Tuesday, February 19, 2008

Project Stallone: "Antz"



Antz
By Peter John Gardner

After watching Antz and Cop Land, I've discovered whole new avenues to use when playing six degrees of separation. Stallone and Dan Aykroyd in the same movie? Who knew that off the top of their head?

Antz is a long overdue and much welcome departure from Stallone's usual fare. A CGI movie for the family that got eclipsed by A Bug's Life upon its initial release, Antz stars Woody Allen (!) as Z, an ant that has grown bored of the day to day conformity and monotony of an ant's life. Z meets a beautiful female ant (Sharon Stone...again) at a bar one night and falls in love. Turns out that the female ant is royalty, so Z hatches a plan to take the identity of his soldier friend, Weaver (Stallone) in order to join army of ants and get closer to the princess. What Z didn't realize is that the army ants are planning to overthrow the queen. Hilarity ensues.

Antz is pretty much a Woody Allen movie that's been simplified and cutesified for kids, and I don't mean that in a bad way at all. Although Allen didn't write the film, it's clear that the writers had him in mind when producing the film. Allen plays the ant version of just about every character he plays, a neurotic and paranoid nerd who is awkward around women in a charming sort of way.

I should've done Project Woody instead of Stallone.

The big message in this film is about breaking out of the doldrums of day to day conformity, and I think that's a healthy lesson for a kid's movie. If I were a parent, I doubt that I would raise my children with the mindset of "that's just the way it is, so deal with it". I'd want my kids to realize that things can be changed and that you don't have to do what everyone else is doing.

It's rewarding in the long run, but it makes for a frustrating childhood. Growing up, I always felt like the black sheep of the family. I wanted to grow my hair long, I wasn't interested in sports or anything like that which bonded the men of the family together. To this day, I still feel the "why can't you be more like your brother?" feeling in my gut when I talk to my parents. I don't know what kind of seed was planted in my youth, but at some point, I stopped giving a fuck what everyone else thought and did what I wanted to do. It gave me a sense of individuality that I don't think I would've gotten had I just followed what everyone else was doing.

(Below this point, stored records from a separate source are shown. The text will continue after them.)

(** * The families [Psi a] *)

Section PsiCongruent.
Variables (R : realType) (n : nat).

Section Push.
Variables (I I' : finType) (K : I -> I' -> R).

Lemma sum_push x : markov K -> \sum_i' push K x i' = \sum_i x i.
Proof.
case=> _ K_sum1; rewrite /push exchange_big /=.
by apply: eq_bigr => i _; rewrite -mulr_suml K_sum1 mul1r.
Qed.

Lemma push_congruent (kappa : I' -> I) x i' :
  (forall i i', kappa i' != i -> K i i' = 0) -> push K x i' = K (kappa i') i' * x (kappa i').
Proof.
move=> K_kappa; rewrite /push (bigD1 (kappa i')) //= big1 ?addr0 // => i neq.
by rewrite K_kappa ?mul0r // eq_sym.
Qed.

Lemma norm1_push mu : markov K -> posm mu -> norm1 (push K mu) = norm1 mu.
Proof.
move=> K_markov mu_pos.
have push_ge0 i' : 0 <= push K mu i'.
  case: K_markov => K_ge0 _; apply: sumr_ge0 => i _.
  exact: mulr_ge0 (K_ge0 i i') (ltW (mu_pos i)).
rewrite /norm1 (eq_bigr _ (fun i' _ => ger0_norm (push_ge0 i'))).
by rewrite (eq_bigr _ (fun i _ => gtr0_norm (mu_pos i))) sum_push.
Qed.

Lemma tau_block_push mu (B : {set 'I_n}) V :
  markov K -> congruent_kernel K -> posm (push K mu) ->
  tau_block (push K mu) B (fun j => push K (V j)) = tau_block mu B V.
Proof.
move=> K_markov [kappa K_kappa] push_pos; rewrite /tau_block -(sum_push _ K_markov).
apply: eq_bigr => i' _; rewrite !(push_congruent _ _ K_kappa).
under eq_bigr do rewrite (push_congruent _ _ K_kappa).
have K_neq0 : K (kappa i') i' != 0.
  by apply: contraTneq (push_pos i') => K0; rewrite (push_congruent _ _ K_kappa) K0 mul0r ltxx.
(* the weight [k] of [kappa i'] in [i'] enters as [k ^ (1 - #|B|) * k ^+ #|B| = k] *)
rewrite big_split /= prodr_const expfzMl mulrACA; set k := K (kappa i') i'.
by rewrite -[k ^+ _]/(k ^ #|B|%:Z) -expfzDr // subrK expr1z.
Qed.

End Push.

Lemma Psi_congruent (a : {set {set 'I_n}} -> R -> R) : congruent_family (Psi a).
Proof.
move=> I I' K K_markov K_congr push_pos mu V mu_pos.
rewrite /Psi norm1_push //; apply: eq_bigr => P _; congr (_ * _).
by apply: eq_bigr => B _; exact: tau_block_push (push_pos _ mu_pos).
Qed.

End PsiCongruent.

Section Multilinear.
Variables (R : realType) (n : nat) (I : finType) (mu : I -> R).
Variables (V : 'I_n -> I -> R) (j : 'I_n) (a b : R) (W W' : I -> R).

Lemma tau_block_upd_notin (B : {set 'I_n}) X :
  j \notin B -> tau_block mu B (upd V j X) = tau_block mu B V.
Proof.
move=> jNB; apply: eq_bigr => i _; congr (_ * _); apply: eq_bigr => k kB.
by rewrite /upd; case: eqP => // ekj; rewrite -ekj kB in jNB.
Qed.

Lemma tau_block_upd_linear (B : {set 'I_n}) : j \in B ->
  tau_block mu B (upd V j (fun i => a * W i + b * W' i))
  = a * tau_block mu B (upd V j W) + b * tau_block mu B (upd V j W').
Proof.
move=> jB; rewrite /tau_block !mulr_sumr -big_split; apply: eq_bigr => i _.
have others X : \prod_(k in B | k != j) upd V j X k i = \prod_(k in B | k != j) V k i.
  by apply: eq_bigr => k /andP [_ /negbTE kj]; rewrite /upd kj.
by rewrite !(bigD1 j jB) /= !others /upd eqxx; ring.
Qed.
(* Let $(M,\mathbf g)$ be a $(d+1)$-dimensional spacetime with metric $$\mathbf g=g_{tt}(r)\,\mathbf dt^2+g_{rr}(r)\,\mathbf dr^2+r^2\{\mathbf d\theta^2+s(\theta)^2\mathbf d\Omega_{(d-2)}^2\},$$ where $g_{tt}<0$ and $g_{rr}>0$ are smooth, $\mathbf d\Omega_{(d-2)}^2$ is the metric of the unit $(d-2)$-sphere, and $s(\theta)=\sin\theta$, $\theta$, or $\sinh\theta$. Let $S=\{r=r_p\}$, a timelike hypersurface, let $p\in S$, and let $\boldsymbol\sigma_{\boldsymbol\chi}$ be the trace-free part of the second fundamental form of $S$. Then for any nonzero vectors $\mathbf X,\mathbf Y\in T_pS$: $\boldsymbol\sigma_{\boldsymbol\chi}(\mathbf X,\mathbf X)=0$ iff $\boldsymbol\sigma_{\boldsymbol\chi}(\mathbf Y,\mathbf Y)=0$; $\boldsymbol\sigma_{\boldsymbol\chi}(\mathbf X,\mathbf X)>0$ iff $\boldsymbol\sigma_{\boldsymbol\chi}(\mathbf Y,\mathbf Y)>0$; and $\boldsymbol\sigma_{\boldsymbol\chi}(\mathbf X,\mathbf X)<0$ iff $\boldsymbol\sigma_{\boldsymbol\chi}(\mathbf Y,\mathbf Y)<0$.
   Context: For a hypersurface $S$ with unit normal $\bar{\mathbf m}$ and induced metric $\mathbf h$, the second fundamental form is $\boldsymbol\chi(X,Y)=\mathbf g(\nabla_X\bar{\mathbf m},Y)$ for $X,Y$ tangent to $S$; the mean curvature is $H=\frac1d\mathrm{tr}_{\mathbf h}\boldsymbol\chi$ and the trace-free part is $\boldsymbol\sigma_{\boldsymbol\chi}=\boldsymbol\chi-H\mathbf h$. *)

From HB Require Import structures.
From mathcomp Require Import all_boot all_order all_algebra.
From mathcomp Require Import all_classical all_reals all_analysis.

Set Implicit Arguments.
Unset Strict Implicit.
Unset Printing Implicit Defensive.

Import Order.TTheory GRing.Theory Num.Theory.
Import numFieldNormedType.Exports.
Local Open Scope ring_scope.

Definition sinhR (R : realType) (x : R) : R := (expR x - expR (- x)) / 2.

Definition smooth_fun (R : realType) (f : R -> R) : Prop :=
  forall (n : nat) (x : R), derivable (derive1n n f) x 1.

Definition coord_vec (R : realType) (n : nat) (k : 'I_n) : 'rV[R]_n :=
  delta_mx 0 k.
Arguments coord_vec {R n}.

Definition dmetric (R : realType) (n : nat) (G : 'rV[R]_n -> 'M[R]_n)
    (k : 'I_n) (x : 'rV[R]_n) (i j : 'I_n) : R :=
  derive (fun y => G y i j) x (coord_vec k).
(* Let $q\ge2$ be an integer, $[q]=\{0,\dots,q-1\}$, and let $X_{\mathrm{rep}}=\{(\dots,a,a,a,\dots): a\in[q]\}\subseteq[q]^{\mathbb{Z}}$ be the $q$-ary repetition system. Let $\mu^{\mathsf{u}}$ be the uniform Bernoulli i.i.d. measure on $[q]^{\mathbb{Z}}$. Then \[R_0(X_{\mathrm{rep}},[q]^{\mathbb{Z}},\mu^{\mathsf{u}})=R(X_{\mathrm{rep}},[q]^{\mathbb{Z}})=1-\frac1q.\]
   Context: For a shift space $X\subseteq\Sigma^{\mathbb{Z}}$, $\mathscr{B}_n(X)$ is the set of length-$n$ words appearing as consecutive subwords of elements of $X$ (so $\mathscr{B}_n([q]^{\mathbb{Z}})=[q]^n$). $d$ is the Hamming distance and $B_r(\overline{x})$ the Hamming ball of radius $r$. For $A,C\subseteq\Sigma^n$: $R(C,A)=\max_{\overline{y}\in A}\min_{\overline{x}\in C}d(\overline{x},\overline{y})$, and for a probability measure $\eta$ on $\Sigma^n$ and $\varepsilon>0$, $R_\varepsilon(C,A,\eta)=\min\{r\in\mathbb{Z}_{\ge0}:\eta(A\cap\bigcup_{\overline{x}\in C}B_r(\overline{x}))\ge1-\varepsilon\}$. For shift spaces $X,Y$: $R(X,Y)=\liminf_n\frac1nR(\mathscr{B}_n(X),\mathscr{B}_n(Y))$. For a shift-invariant ergodic probability measure $\mu$ on $Y$, with $\mu_n$ its marginal on coordinates $0,\dots,n-1$: $R_\varepsilon(X,Y,\mu)=\liminf_n\frac1nR_\varepsilon(\mathscr{B}_n(X),\mathscr{B}_n(Y),\mu_n)$ and the essential covering radius is $R_0(X,Y,\mu)=\lim_{\varepsilon\to0}R_\varepsilon(X,Y,\mu)$. *)

From HB Require Import structures.
From mathcomp Require Import all_boot all_order all_algebra.
From mathcomp Require Import all_classical all_reals all_analysis.
Set Implicit Arguments. Unset Strict Implicit. Unset Printing Implicit Defensive.
Import Order.TTheory GRing.Theory Num.Theory.
Local Open Scope ring_scope.

(* Alphabet [q] = 'I_q; configurations of [q]^Z are functions int -> 'I_q;
   words of length n are finite functions 'I_n -> 'I_q. *)
Definition config (q : nat) := int -> 'I_q.
Definition word (q n : nat) := {ffun 'I_n -> 'I_q}.

Definition hamming (q n : nat) (x y : word q n) : nat := #|[set i | x i != y i]|.

Definition lang (q n : nat) (X : set (config q)) : {set word q n} :=
  [set w : word q n | `[< exists x, X x /\ exists i : int,
                            forall k : 'I_n, w k = x (i + (k : nat)%:Z) >] ].

Definition full_shift (q : nat) : set (config q) := setT.
Definition rep_system (q : nat) : set (config q) :=
  [set x | exists a : 'I_q, forall i, x i = a].

(* R(C,A) = max_{y in A} min_{x in C} d(x,y)  (min over empty C defaults to n) *)
Definition cov_radius (q n : nat) (C A : {set word q n}) : nat :=
  \max_(y in A) \big[minn/n]_(x in C) hamming x y.

Definition near_set (q n : nat) (C : {set word q n}) (r : nat) (y : word q n) : bool :=
  [exists x in C, (hamming x y <= r)%N].

(* R_eps(C,A,eta) = min{ r >= 0 : eta(A ∩ ∪_{x∈C} B_r(x)) >= 1 - eps };
   for eps > 0 and a probability vector eta, r = n always qualifies (when C is
   nonempty), so the minimum can be taken over r <= n (default n). *)
Definition ess_cov_radius (R : realType) (q n : nat) (C A : {set word q n})
    (eta : word q n -> R) (eps : R) : nat :=
  \big[minn/n]_(r < n.+1 |
      (1 - eps <= \sum_(y in A | near_set C r y) eta y)) (r : nat).

Definition shift_cov_radius (R : realType) (q : nat) (X Y : set (config q)) : R :=
  limn_inf (fun n => (cov_radius (lang n X) (lang n Y))%:R / n%:R).

(* R_eps(X,Y,mu) = liminf_n R_eps(B_n X, B_n Y, mu_n)/n, with mu given by
   its family of marginals mu_n on coordinates 0..n-1 *)
Definition shift_ess_cov_radius (R : realType) (q : nat) (X Y : set (config q))
    (mu : forall n, word q n -> R) (eps : R) : R :=
  limn_inf (fun n => (ess_cov_radius (lang n X) (lang n Y) (mu n) eps)%:R / n%:R).

(* marginals of the uniform Bernoulli i.i.d. measure on [q]^Z:
   mu_n(w) = q^{-n} for every word w of length n *)
Definition uniform_marginal (R : realType) (q n : nat) (w : word q n) : R :=
  (q%:R ^+ n)^-1.

Arguments rep_system q : clear implicits.
Arguments full_shift q : clear implicits.

(* Every word of length n has a symbol occurring at least n/q times, hence lies within
   Hamming distance (1 - 1/q) n of a constant word; this bounds R from above, and
   R_eps <= R.  Conversely, if N_a(y) counts the occurrences of a in y, the total
   squared deviation D(y) = sum_a (N_a(y) - n/q)^2 has uniform mean n (1 - 1/q),
   while every word within distance (1 - 1/q - d) n of a constant word has
   D(y) >= (d n)^2.  By Markov's inequality these words have mass at most
   1/(d^2 n), so for large n no radius below (1 - 1/q - d) n captures mass 1 - eps. *)
Set Implicit Arguments. Unset Strict Implicit.
From HB Require Import structures.
From mathcomp Require Import all_boot all_order all_algebra.
From mathcomp Require Import all_classical all_reals all_analysis.
From mathcomp Require Import zify ring lra.
Import Order.TTheory GRing.Theory Num.Theory.
Local Open Scope ring_scope.

Lemma card_set_sum_bool (X : finType) (P : pred X) : #|[set x | P x]| = (\sum_x P x)%N.
Proof. by rewrite -sum1dep_card big_mkcond. Qed.

Lemma markov_sum (R : numFieldType) (I : finType) (P : pred I) (w g : I -> R) (K : R) :
  0 < K -> (forall i, 0 <= w i) -> (forall i, 0 <= g i) -> (forall i, P i -> K <= g i) ->
  \sum_(i | P i) w i <= (\sum_i w i * g i) / K.
Proof.
move=> K_gt0 w_ge0 g_ge0 PK; rewrite ler_pdivlMr // mulr_suml.
apply: le_trans (_ : \sum_(i | P i) w i * g i <= _).
  by apply: ler_sum => i Pi; rewrite ler_wpM2l // PK.
rewrite [X in _ <= X](bigID P) /= lerDl; apply: sumr_ge0 => i _.
exact: mulr_ge0.
Qed.

Section FinfunOccurrences.
Variables (I T : finType).
Implicit Types (f : {ffun I -> T}) (a : T).

Definition occ f a : nat := #|[set i | f i == a]|.

Lemma card_ffun_fixed_on (S : {set I}) (g : I -> T) :
  #|[set f : {ffun I -> T} | [forall i in S, f i == g i]]| = (#|T| ^ #|~: S|)%N.
Proof.
pose F i : pred T := if i \in S then pred1 (g i) else predT.
have -> : #|[set f : {ffun I -> T} | [forall i in S, f i == g i]]| = #|family F|.
  apply: eq_card => f; rewrite !inE; apply/forall_inP/familyP => [fS i | fF i iS].
    by rewrite /F; case: ifP => // /fS.
  by have := fF i; rewrite /F iS.
rewrite card_family foldrE big_map big_enum /= -prod_nat_const.
rewrite [RHS]big_mkcond /=; apply: eq_bigr => i _.
by rewrite /F inE; case: (i \in S); rewrite ?card1 ?cardT ?size_enum_ord.
Qed.

Lemma card_ffun_eq_coords (i j : I) : i != j ->
  (#|T| * #|[set f : {ffun I -> T} | f i == f j]| = #|T| ^ #|I|)%N.
Proof.
move=> ij.
have fiber a : #|[set f : {ffun I -> T} | (f i == f j) && (f i == a)]| =
               (#|T| ^ #|~: [set i; j]|)%N.
  rewrite -(card_ffun_fixed_on _ (fun=> a)); apply: eq_card => f; rewrite !inE.
  apply/andP/forall_inP => [[/eqP fij fia] k | fa].
    by rewrite !inE => /orP[] /eqP->; rewrite -?fij.
  have fi : f i = a by apply/eqP/fa; rewrite !inE eqxx.
  have fj : f j = a by apply/eqP/fa; rewrite !inE eqxx orbT.
  by rewrite fi fj eqxx.
rewrite -sum1_card (partition_big (fun f => f i) predT) //=.
rewrite (eq_bigr (fun=> #|T| ^ #|~: [set i; j]|)%N) => [|a _].
  by rewrite sum_nat_const mulnA mulnn -expnD -(cardsC [set i; j]) cards2 ij.
by rewrite sum1_card -(fiber a); apply: eq_card => f; rewrite -topredE /= !inE.
Qed.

I still carry that mindset into adulthood but with reservations. Now, I only give a fuck what certain people think. I think it's more fun and entertaining to just be myself rather than what society expects me to be. Myself might not be what society wants or needs, but here I am, like it or not. Sadly as I grow older and arguably wiser, my sense of individuality has diminished once I realized my place in the world. I'm just a worker ant, a cog in the machine, a function, a job title, a paycheck, a statistic, a SWM, a 'that one guy'. It's difficult to maintain a feeling of uniqueness when I don't feel like society needs me in any sort of way. After 27 years, I'm still trying to figure what I want to be when I grow up, and if I can bring anything to the world that is uniquely me, but since it's been taking so long, I'm beginning to have doubts if I even have that in me. I feel invisible and insignificant. For now, I'll just remain "that one guy".